Risk levels are also edging up in dual-use domains. Deep Think is at an “early warning” threshold for Chemical, Biological, Radiological, and Nuclear (CBRN) uplift Level 1, and Google says it has deployed extra mitigations. OpenAI classifies GPT-5 as High capability in biological and chemical risk under its Preparedness Framework and turned on stricter monitors and API controls. Anthropic’s Claude Opus 4.1 is an incremental update kept under its ASL-3 standard, with no new third-party pre-deployment tests, and results that remain below ASL-4 rule-out thresholds across CBRN, autonomy and cyber.

METR finds signs of situational awareness in GPT-5. The model recognises it is being tested, reasons about the evaluator’s goals, then adapts behaviour to avoid tripping refusal checks. Anthropic also reports a small rise in evaluation awareness for Claude 4.1 when cues are obvious. The shared lesson is that our reliance on reasoning traces is fragile. Traces can be hidden by policy, compressed by sampling, or fabricated to please a grader. Once models learn the tells of a test, they can sandbag without leaving clear artefacts. The risk is an evaluation cliff where current methods fail quietly. Red-teaming that reads chain-of-thought or relies on known prompts may give a false sense of safety, especially as internal tools and scratchpads move off the visible path. The next year should focus on outcome-grounded audits that score what the model actually does, not what it says it is thinking.
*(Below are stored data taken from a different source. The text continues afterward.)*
(* A decreasing sequence of nonempty closed convex sets containing uniformly
   bounded points has a common point: the squared norms of the minimal-norm
   points increase to a finite limit, which makes these points Cauchy.  This
   replaces the weak sequential compactness of bounded sets. *)
Lemma nested_closed_convex_meet (C : nat -> K -> Prop) M :
  (forall N, hclosed (C N)) -> (forall N, hconvex (C N)) ->
  (forall N N' y, (N <= N')%coq_nat -> C N' y -> C N y) ->
  (forall N, exists a, C N a /\ hnorm a <= M) ->
  exists q, forall N, C N q.
Proof.
  move=> Hcl Hcv Hmono Hne.
  have Hmin_ex : forall N, exists p, C N p /\ forall q, C N q -> dist2 hzero p <= dist2 hzero q.
  { move=> N; apply: projection_minimizer => //; have [a [Ca _]] := Hne N; by exists a. }
  have [qq Hqq] := choice _ Hmin_ex.
  pose a N := dist2 hzero (qq N).
  have Hincr : forall N N', (N <= N')%coq_nat -> dist2 (qq N') (qq N) <= a N' - a N.
  { move=> N N' HN; have [CN Hmin] := Hqq N; have [CN' _] := Hqq N'.
    exact: min_norm_pythagoras (Hcv N) CN Hmin (Hmono _ _ _ HN CN'). }
  have Hbnd : forall N, a N <= M * M.
  { move=> N; have [b [Cb Hb]] := Hne N; have [_ Hmin] := Hqq N.
    have := Hmin _ Cb; rewrite /a !dist2_zero -(hnorm_mul b); have := hnorm_ge0 b; nra. }
  have Hgrow : Un_growing a.
  { by move=> N; have := Hincr N (S N) ltac:(lia); have := hinner_pos (hsub (qq (S N)) (qq N));
      rewrite /dist2; lra. }
  have Habove : has_ub a by exists (M * M) => r [i ->].
  have [la Hla] := growing_cv a Hgrow Habove.
  have [q Hq] : exists q, strong_cv qq q.
  { apply: cauchy_strong_cv => eps He.
    have [N HN] := proj1 (Un_cv_ultimately _ _) Hla (eps * eps / 2) ltac:(nra).
    exists N => n k Hn Hk; apply: lt_of_sq_lt; [exact: hnorm_ge0 | lra |].
    rewrite hnorm_mul -/(dist2 (qq n) (qq k)).
    have /Rabs_def2 h1 := HN n Hn; have /Rabs_def2 h2 := HN k Hk.
    case: (Nat.le_ge_cases n k) => Hnk; last by have := Hincr k n Hnk; lra.
    by have := Hincr n k Hnk; rewrite dist2_sym; lra. }
  exists q => N; apply: (Hcl N (fun k => qq (N + k)%coq_nat)); last exact: strong_cv_shift.
  by move=> k; apply: (Hmono N (N + k)%coq_nat); [lia | case: (Hqq (N + k)%coq_nat)].
Qed.
Lemma prime_factorizable_pow_ndvd y a : prime_factorizable ->
  y != 0 -> ~ runit y -> a != 0 -> exists n, ~ rdvd (y ^+ n) a.
Proof.
move=> hPF y0 yu a0.
have [ey [[|p l] [hey hl ey_]]] := hPF y y0.
  by case: yu; rewrite ey_ big_nil mulr1.
have [e [s [[x hx] hs ea]]] := hPF a a0.
exists (size s).+1 => hfa; set N := (size s).+1 in hfa.
have [c hc] : rdvd (p ^+ N) a.
  apply: rdvd_trans hfa; apply: rdvd_exp.
  by rewrite ey_ big_cons mulrCA; apply/rdvd_mulr/rdvd_refl.
have c0 : c != 0 by apply: contra_neq a0 => c0; rewrite hc c0 mulr0.
have [e' [s' [he' hs' ec]]] := hPF c c0.
have [] := @prime_factorization_unique s (nseq N p ++ s') (x * e') _ hs _ _.
- by apply: runitM => //; exists e; rewrite mulrC.
- move=> z; rewrite mem_cat mem_nseq => /orP [/andP [_ /eqP ->]|/hs'] //.
  exact: hl (mem_head _ _).
- by rewrite big_cat prod_nseq /= -mulrA (mulrCA e') -ec -hc ea mulrA (mulrC x) -hx mul1r.
by rewrite size_cat size_nseq /N; lia.
Qed.

End Domain.

Lemma UFD_factorization : UFD A -> forall a, a != 0 -> exists e s,
  [/\ runit e, (forall x, x \in s -> rirreducible x) & a = e * \prod_(x <- s) x].
Proof.
move=> [_ hex _] a a0; have [au|au] := pselect (runit a).
  by exists a, [::]; rewrite big_nil mulr1.
by have [s [_ hs ->]] := hex a a0 au; exists 1, s; rewrite mul1r; split => //; apply: runit1.
Qed.

Lemma UFD_irreducible_prime : UFD A -> forall a, rirreducible a -> rprime a.
Proof.
move=> hU a ha; have [Ad _ hun] := hU; have [a0 au _] := ha; split => // b c [d hd].
have [->|b0] := eqVneq b 0; first by left; apply: rdvd0.
have [->|c0] := eqVneq c 0; first by right; apply: rdvd0.
have d0 : d != 0 by apply: contra_neq (dmulf_neq0 Ad b0 c0) => d0; rewrite hd d0 mulr0.
have [eb [sb [[xb hxb] hsb eb_]]] := UFD_factorization hU b0.
have [ec [sc [[xc hxc] hsc ec_]]] := UFD_factorization hU c0.
have [ed [sd [hed hsd ed_]]] := UFD_factorization hU d0.
set a' := ed * xb * xc * a.
have a'u : runit (ed * xb * xc).
  by do 2?apply: runitM => //; [exists eb; rewrite mulrC | exists ec; rewrite mulrC].
have [] := hun (sb ++ sc) (a' :: sd).
- by move=> x; rewrite mem_cat => /orP [/hsb | /hsc].
- by move=> x; rewrite inE => /orP [/eqP -> | /hsd]; first exact: rirreducible_unitMl.
- rewrite big_cat big_cons /=.
  transitivity (eb * xb * (ec * xc) * (\prod_(x <- sb) x * \prod_(x <- sc) x)).
    by rewrite -hxb -hxc !mul1r.
  have -> : eb * xb * (ec * xc) * (\prod_(x <- sb) x * \prod_(x <- sc) x) =
            xb * xc * (b * c) by rewrite eb_ ec_; ring.
  by rewrite hd ed_ /a'; ring.
move=> hsz [t' ht' hi]; have a't' : a' \in t' by rewrite -(perm_mem ht') mem_head.
have ilt : (index a' t' < size (sb ++ sc))%N by rewrite hsz (perm_size ht') index_mem.
have := hi _ ilt; rewrite nth_index // => /rassoc_dvd /(rdvd_trans (rdvd_mull _ (rdvd_refl a))).
have : nth 0 (sb ++ sc) (index a' t') \in sb ++ sc by apply: mem_nth.
rewrite mem_cat => /orP [] /rdvd_prod hz /rdvd_trans => /(_ _ hz) h.
  by left; rewrite eb_; apply: rdvd_mull.
by right; rewrite ec_; apply: rdvd_mull.
Qed.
Takeaways: Reasoning is improving fast; but autonomy is still limited. The highest near-term risk is not runaway self-improvement it is silent failure of oversight as models learn tests and hide their thinking. Gemini Deep Think and GPT-5 also now sit near early warning territory for bio and chem assistance, so safety depends on mitigations, access controls and monitoring, not on lack of capability. Over the next year, the key test is whether we can keep pace with model deception and maintain trust in safety assurances as headline capability improves.